↓↓↓

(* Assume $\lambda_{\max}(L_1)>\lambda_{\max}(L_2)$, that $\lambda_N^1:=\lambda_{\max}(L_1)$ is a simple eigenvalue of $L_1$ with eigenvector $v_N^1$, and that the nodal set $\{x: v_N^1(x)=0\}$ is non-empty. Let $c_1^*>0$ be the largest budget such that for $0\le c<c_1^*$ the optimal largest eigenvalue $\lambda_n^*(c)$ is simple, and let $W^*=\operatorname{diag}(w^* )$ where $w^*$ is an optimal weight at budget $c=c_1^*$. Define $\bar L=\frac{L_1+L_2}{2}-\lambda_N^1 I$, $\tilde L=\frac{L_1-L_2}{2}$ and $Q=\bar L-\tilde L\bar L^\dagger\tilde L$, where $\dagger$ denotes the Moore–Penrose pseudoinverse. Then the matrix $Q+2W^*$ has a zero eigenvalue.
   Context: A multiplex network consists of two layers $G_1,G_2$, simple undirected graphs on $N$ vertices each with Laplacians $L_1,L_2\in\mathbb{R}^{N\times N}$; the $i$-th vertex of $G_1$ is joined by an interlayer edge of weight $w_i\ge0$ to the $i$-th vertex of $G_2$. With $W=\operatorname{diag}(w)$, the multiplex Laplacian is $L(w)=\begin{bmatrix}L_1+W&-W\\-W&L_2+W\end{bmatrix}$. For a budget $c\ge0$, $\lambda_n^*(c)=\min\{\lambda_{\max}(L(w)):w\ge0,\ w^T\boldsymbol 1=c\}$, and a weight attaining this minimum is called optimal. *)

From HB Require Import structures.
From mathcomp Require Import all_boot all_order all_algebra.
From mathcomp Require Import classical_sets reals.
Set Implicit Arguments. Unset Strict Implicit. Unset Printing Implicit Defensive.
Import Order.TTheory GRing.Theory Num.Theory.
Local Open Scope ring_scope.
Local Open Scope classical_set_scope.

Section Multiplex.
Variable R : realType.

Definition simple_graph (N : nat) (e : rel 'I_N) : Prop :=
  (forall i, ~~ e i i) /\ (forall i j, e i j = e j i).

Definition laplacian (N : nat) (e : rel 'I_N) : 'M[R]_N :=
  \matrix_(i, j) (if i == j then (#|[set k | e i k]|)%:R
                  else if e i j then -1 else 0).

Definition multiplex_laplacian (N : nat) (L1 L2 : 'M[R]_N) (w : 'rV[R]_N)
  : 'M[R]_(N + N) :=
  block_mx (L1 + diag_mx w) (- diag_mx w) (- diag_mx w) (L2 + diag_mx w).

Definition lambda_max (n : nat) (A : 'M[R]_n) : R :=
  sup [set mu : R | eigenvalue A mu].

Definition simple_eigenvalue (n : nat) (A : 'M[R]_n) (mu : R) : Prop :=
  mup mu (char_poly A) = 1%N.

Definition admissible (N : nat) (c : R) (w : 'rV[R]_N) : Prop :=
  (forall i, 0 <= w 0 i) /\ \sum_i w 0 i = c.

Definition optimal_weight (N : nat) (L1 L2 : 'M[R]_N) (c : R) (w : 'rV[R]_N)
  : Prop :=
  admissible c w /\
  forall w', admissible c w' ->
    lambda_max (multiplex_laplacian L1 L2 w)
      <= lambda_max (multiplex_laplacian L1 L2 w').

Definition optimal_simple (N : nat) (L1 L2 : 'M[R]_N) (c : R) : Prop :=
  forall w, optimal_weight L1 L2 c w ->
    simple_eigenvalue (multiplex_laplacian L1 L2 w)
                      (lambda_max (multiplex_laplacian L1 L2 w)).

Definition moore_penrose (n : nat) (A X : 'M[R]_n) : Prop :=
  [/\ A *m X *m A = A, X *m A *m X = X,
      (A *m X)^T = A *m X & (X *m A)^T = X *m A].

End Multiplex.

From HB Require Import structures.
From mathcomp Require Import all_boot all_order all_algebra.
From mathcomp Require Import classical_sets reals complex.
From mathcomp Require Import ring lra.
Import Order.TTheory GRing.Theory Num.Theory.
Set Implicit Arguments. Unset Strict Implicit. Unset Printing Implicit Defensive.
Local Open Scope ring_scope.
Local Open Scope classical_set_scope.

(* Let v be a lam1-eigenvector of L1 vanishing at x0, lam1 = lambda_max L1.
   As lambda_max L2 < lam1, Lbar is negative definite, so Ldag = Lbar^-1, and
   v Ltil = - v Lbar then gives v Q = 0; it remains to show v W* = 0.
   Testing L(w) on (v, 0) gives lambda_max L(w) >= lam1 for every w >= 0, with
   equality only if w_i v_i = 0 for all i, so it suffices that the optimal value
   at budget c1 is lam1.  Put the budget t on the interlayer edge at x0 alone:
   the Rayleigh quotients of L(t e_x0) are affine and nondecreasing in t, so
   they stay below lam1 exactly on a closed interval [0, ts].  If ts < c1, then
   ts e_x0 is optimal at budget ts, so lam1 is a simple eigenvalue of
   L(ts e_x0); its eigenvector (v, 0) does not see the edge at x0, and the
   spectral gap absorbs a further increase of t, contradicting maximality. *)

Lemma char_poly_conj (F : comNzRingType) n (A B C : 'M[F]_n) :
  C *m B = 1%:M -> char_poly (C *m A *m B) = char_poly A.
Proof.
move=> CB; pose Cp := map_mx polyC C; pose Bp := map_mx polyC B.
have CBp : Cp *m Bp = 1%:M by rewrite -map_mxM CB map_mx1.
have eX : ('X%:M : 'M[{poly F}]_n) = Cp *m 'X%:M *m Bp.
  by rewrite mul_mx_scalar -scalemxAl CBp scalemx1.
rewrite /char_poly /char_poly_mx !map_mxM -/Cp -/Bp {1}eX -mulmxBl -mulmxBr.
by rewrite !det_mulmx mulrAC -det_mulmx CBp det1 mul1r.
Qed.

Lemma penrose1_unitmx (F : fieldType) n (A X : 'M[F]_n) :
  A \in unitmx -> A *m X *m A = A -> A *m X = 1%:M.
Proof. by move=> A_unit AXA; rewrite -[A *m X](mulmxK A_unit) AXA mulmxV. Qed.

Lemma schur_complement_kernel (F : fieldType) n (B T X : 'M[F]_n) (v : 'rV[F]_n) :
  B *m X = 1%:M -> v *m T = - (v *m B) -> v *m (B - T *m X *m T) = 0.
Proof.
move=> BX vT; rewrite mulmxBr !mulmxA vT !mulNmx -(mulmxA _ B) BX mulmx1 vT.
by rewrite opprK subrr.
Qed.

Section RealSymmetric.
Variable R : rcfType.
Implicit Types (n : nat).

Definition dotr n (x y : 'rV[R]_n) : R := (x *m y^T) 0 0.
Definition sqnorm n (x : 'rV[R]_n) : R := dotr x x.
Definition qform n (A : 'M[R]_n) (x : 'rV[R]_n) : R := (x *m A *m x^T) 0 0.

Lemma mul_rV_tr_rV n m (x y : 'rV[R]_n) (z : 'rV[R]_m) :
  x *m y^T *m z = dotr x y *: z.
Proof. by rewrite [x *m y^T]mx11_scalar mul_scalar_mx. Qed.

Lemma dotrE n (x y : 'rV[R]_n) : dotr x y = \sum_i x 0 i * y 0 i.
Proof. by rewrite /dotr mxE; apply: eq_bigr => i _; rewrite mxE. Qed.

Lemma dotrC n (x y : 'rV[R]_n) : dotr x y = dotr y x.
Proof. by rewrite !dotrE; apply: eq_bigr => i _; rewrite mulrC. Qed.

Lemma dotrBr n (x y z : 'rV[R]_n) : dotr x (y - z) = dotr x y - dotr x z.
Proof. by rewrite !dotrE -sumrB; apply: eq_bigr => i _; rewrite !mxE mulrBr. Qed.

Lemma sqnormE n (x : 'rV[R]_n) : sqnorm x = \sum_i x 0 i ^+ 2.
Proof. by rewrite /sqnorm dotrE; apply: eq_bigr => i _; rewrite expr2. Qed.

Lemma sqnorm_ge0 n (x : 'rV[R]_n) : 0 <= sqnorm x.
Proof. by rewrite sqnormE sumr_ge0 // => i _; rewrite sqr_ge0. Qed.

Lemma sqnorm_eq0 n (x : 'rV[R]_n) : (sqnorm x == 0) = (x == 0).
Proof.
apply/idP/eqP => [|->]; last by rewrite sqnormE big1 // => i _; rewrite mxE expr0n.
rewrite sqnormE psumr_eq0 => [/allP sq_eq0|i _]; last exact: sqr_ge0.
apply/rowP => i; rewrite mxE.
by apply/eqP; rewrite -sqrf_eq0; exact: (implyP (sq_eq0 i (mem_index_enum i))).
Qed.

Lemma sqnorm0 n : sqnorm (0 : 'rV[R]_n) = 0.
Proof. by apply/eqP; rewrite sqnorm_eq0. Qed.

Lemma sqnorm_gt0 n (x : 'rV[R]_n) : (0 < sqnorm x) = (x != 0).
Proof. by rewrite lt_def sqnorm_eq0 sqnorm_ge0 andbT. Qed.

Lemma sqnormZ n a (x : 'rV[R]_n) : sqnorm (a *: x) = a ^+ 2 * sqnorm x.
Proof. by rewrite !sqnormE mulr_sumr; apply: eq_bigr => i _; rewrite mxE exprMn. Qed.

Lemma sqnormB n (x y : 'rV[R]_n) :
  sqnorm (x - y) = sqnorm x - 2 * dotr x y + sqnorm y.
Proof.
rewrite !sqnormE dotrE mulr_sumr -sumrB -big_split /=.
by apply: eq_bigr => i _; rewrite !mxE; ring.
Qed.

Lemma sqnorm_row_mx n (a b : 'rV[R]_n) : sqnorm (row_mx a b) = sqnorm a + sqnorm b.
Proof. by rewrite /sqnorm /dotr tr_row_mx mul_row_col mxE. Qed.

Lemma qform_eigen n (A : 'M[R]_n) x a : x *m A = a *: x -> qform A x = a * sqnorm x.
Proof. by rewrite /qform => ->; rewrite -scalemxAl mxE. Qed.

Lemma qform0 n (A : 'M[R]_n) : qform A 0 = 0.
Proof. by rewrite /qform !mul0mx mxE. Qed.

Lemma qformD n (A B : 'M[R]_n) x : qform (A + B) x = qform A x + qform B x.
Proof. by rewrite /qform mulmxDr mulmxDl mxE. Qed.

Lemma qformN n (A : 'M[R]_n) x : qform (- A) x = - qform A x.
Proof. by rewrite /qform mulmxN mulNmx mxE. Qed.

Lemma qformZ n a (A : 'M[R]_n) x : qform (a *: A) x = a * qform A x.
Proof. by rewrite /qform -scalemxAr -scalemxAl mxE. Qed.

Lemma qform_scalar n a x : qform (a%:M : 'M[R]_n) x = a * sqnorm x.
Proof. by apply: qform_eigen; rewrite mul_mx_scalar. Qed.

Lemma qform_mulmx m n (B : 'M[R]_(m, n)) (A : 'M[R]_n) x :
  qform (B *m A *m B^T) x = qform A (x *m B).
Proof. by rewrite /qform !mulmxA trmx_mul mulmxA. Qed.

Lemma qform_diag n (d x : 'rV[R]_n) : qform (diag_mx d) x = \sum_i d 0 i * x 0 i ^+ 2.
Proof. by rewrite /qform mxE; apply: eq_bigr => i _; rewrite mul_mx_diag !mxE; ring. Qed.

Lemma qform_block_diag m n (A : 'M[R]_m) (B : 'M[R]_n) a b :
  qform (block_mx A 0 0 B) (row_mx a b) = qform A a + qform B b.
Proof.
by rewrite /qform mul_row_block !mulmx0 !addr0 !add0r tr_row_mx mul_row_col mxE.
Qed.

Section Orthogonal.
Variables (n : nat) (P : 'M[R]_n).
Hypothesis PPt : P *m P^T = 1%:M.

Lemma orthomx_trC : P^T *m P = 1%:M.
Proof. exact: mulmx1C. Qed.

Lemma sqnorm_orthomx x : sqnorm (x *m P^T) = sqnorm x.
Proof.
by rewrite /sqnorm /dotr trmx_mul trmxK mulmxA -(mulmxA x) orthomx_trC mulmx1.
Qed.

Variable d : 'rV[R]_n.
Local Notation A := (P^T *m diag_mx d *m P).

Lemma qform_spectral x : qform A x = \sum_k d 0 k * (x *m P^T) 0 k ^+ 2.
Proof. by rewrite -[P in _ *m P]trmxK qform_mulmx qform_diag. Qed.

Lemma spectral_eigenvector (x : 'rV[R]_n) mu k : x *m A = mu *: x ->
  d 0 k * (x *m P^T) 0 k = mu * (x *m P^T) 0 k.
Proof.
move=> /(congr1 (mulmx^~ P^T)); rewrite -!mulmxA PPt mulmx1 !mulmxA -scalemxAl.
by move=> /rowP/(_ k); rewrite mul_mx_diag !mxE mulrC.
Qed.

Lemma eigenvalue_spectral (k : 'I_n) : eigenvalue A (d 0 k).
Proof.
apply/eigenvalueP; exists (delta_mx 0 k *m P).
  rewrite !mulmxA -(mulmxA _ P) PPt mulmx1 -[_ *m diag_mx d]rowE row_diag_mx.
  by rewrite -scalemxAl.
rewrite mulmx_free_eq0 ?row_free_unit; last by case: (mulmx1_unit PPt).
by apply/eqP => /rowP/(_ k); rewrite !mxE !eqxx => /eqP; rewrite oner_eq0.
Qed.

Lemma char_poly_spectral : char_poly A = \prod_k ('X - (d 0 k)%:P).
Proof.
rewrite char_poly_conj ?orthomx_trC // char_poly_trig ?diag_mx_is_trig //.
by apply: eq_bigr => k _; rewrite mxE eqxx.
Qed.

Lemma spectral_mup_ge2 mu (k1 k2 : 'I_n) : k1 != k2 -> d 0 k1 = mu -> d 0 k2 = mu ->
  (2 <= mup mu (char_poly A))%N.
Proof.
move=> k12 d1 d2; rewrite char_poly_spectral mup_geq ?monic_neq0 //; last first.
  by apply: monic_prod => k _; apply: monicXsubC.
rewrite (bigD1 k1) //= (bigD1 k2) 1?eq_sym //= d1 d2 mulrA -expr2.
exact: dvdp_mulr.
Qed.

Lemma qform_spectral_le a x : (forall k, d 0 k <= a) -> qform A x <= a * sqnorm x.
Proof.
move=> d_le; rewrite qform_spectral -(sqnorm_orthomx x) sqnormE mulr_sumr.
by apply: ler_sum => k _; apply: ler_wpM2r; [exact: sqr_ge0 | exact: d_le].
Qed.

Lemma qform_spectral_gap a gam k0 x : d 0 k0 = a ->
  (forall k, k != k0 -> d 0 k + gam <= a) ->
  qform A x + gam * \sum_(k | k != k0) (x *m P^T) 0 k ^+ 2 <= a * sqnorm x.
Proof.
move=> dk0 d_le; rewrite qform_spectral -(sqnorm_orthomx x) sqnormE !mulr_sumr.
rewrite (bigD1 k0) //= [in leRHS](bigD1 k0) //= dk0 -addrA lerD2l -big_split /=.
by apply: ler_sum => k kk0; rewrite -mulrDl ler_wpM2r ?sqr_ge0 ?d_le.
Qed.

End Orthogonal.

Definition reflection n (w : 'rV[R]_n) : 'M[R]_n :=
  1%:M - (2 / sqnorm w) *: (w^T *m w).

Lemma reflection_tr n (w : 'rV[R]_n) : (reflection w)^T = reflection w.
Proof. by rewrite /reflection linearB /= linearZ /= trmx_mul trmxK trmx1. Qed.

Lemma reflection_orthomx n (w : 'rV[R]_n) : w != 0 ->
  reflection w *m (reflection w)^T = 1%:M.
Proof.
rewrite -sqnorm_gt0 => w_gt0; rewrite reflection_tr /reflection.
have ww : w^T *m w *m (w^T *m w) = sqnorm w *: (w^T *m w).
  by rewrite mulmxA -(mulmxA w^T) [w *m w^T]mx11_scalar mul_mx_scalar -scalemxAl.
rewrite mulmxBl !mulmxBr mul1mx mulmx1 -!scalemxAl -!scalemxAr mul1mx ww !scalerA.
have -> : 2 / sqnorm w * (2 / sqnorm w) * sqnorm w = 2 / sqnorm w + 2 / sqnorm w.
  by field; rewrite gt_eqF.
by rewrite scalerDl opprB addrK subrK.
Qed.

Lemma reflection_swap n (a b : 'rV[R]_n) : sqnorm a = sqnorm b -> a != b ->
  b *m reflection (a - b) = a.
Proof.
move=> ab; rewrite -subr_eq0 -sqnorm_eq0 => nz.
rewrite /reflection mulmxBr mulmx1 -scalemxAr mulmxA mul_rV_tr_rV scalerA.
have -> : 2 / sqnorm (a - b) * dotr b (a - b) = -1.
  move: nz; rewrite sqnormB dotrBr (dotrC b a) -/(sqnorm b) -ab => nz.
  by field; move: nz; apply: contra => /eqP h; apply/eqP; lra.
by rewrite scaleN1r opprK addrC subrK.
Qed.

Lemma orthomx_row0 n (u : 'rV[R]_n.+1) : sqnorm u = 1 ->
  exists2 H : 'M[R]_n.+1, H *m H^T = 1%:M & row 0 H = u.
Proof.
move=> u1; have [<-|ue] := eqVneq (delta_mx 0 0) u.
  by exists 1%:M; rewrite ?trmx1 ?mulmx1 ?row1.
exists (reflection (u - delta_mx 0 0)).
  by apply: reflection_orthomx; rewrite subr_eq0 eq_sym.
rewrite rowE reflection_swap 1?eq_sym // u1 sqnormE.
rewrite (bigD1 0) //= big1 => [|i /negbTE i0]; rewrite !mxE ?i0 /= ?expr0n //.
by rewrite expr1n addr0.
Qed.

↑↑↑

Task objective:
Look above for the line holding "ts e_x0 is optimal" and the line holding "rewrite /char_poly /char_poly_mx", then output exactly those two lines and every line between them, nothing more.

Answer to the problem:
   ts e_x0 is optimal at budget ts, so lam1 is a simple eigenvalue of
   L(ts e_x0); its eigenvector (v, 0) does not see the edge at x0, and the
   spectral gap absorbs a further increase of t, contradicting maximality. *)

Lemma char_poly_conj (F : comNzRingType) n (A B C : 'M[F]_n) :
  C *m B = 1%:M -> char_poly (C *m A *m B) = char_poly A.
Proof.
move=> CB; pose Cp := map_mx polyC C; pose Bp := map_mx polyC B.
have CBp : Cp *m Bp = 1%:M by rewrite -map_mxM CB map_mx1.
have eX : ('X%:M : 'M[{poly F}]_n) = Cp *m 'X%:M *m Bp.
  by rewrite mul_mx_scalar -scalemxAl CBp scalemx1.
rewrite /char_poly /char_poly_mx !map_mxM -/Cp -/Bp {1}eX -mulmxBl -mulmxBr.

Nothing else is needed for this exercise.